→ MATERIAL TO PROCESS
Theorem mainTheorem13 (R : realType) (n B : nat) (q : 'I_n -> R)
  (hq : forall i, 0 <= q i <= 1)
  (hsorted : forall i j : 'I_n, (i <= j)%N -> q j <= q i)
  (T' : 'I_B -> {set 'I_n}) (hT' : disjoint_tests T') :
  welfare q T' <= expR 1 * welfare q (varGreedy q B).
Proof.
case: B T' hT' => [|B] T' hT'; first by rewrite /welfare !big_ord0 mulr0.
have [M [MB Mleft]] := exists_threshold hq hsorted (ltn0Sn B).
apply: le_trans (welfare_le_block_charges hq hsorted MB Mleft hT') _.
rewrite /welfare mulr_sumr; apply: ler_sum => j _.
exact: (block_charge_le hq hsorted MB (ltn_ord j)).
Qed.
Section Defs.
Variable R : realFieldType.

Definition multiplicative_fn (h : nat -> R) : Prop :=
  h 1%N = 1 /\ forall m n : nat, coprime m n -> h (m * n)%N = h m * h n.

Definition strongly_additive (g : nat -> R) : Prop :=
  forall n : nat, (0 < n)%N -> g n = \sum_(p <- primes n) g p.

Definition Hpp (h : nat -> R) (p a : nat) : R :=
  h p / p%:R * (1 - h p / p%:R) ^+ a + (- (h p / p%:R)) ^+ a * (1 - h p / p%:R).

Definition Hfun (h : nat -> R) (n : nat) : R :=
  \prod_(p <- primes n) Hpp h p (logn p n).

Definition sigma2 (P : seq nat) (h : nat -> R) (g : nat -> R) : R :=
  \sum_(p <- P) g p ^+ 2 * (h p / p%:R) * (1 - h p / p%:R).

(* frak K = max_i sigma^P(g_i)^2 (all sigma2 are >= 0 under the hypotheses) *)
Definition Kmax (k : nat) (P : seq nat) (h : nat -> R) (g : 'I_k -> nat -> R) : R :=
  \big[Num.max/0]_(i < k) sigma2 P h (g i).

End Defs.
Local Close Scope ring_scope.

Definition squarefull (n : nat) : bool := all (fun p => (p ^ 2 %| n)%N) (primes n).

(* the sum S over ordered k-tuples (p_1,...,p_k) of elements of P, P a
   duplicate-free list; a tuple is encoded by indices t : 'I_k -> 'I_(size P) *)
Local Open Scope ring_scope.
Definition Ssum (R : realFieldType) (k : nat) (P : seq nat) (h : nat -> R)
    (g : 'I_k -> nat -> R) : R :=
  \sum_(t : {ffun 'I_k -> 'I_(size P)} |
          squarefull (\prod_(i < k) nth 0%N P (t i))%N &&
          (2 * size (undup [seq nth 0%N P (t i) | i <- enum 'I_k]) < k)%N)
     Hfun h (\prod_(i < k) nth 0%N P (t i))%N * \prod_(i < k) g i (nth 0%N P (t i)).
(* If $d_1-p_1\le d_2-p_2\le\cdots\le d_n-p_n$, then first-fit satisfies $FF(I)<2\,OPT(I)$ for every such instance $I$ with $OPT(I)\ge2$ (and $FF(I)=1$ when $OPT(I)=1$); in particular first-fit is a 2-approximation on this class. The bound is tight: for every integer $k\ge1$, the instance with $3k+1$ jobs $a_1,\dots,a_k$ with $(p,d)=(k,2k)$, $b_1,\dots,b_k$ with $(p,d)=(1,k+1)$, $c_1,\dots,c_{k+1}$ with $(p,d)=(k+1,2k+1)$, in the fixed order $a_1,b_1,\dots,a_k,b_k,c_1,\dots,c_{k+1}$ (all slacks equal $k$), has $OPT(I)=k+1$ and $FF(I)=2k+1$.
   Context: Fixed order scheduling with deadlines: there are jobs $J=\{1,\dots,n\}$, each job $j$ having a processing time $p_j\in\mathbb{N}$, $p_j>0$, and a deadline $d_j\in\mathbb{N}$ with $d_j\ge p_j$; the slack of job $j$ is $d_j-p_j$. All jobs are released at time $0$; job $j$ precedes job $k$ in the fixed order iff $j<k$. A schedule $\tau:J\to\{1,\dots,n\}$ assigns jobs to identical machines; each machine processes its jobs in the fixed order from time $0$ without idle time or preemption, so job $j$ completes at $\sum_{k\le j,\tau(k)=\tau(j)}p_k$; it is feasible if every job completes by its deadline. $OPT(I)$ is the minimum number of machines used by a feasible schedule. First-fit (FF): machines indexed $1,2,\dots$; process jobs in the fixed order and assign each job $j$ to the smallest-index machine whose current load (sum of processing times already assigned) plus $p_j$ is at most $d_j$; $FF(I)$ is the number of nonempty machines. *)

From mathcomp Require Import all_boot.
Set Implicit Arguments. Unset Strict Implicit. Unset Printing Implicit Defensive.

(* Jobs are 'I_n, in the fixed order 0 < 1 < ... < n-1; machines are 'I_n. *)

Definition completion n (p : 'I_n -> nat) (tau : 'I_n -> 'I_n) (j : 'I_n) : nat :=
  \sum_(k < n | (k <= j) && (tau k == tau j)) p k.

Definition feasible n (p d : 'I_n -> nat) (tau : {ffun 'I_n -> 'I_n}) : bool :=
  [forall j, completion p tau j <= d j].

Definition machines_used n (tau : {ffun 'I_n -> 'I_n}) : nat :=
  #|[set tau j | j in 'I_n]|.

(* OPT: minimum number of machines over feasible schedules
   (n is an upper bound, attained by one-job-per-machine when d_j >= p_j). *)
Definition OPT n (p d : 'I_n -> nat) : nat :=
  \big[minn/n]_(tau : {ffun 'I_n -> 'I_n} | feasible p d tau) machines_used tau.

→ BRIEF
The answer is each line from the entries above in which the word "apply" occurs.

→ RESPONSE TO THE EXERCISE
apply: le_trans (welfare_le_block_charges hq hsorted MB Mleft hT') _.
rewrite /welfare mulr_sumr; apply: ler_sum => j _.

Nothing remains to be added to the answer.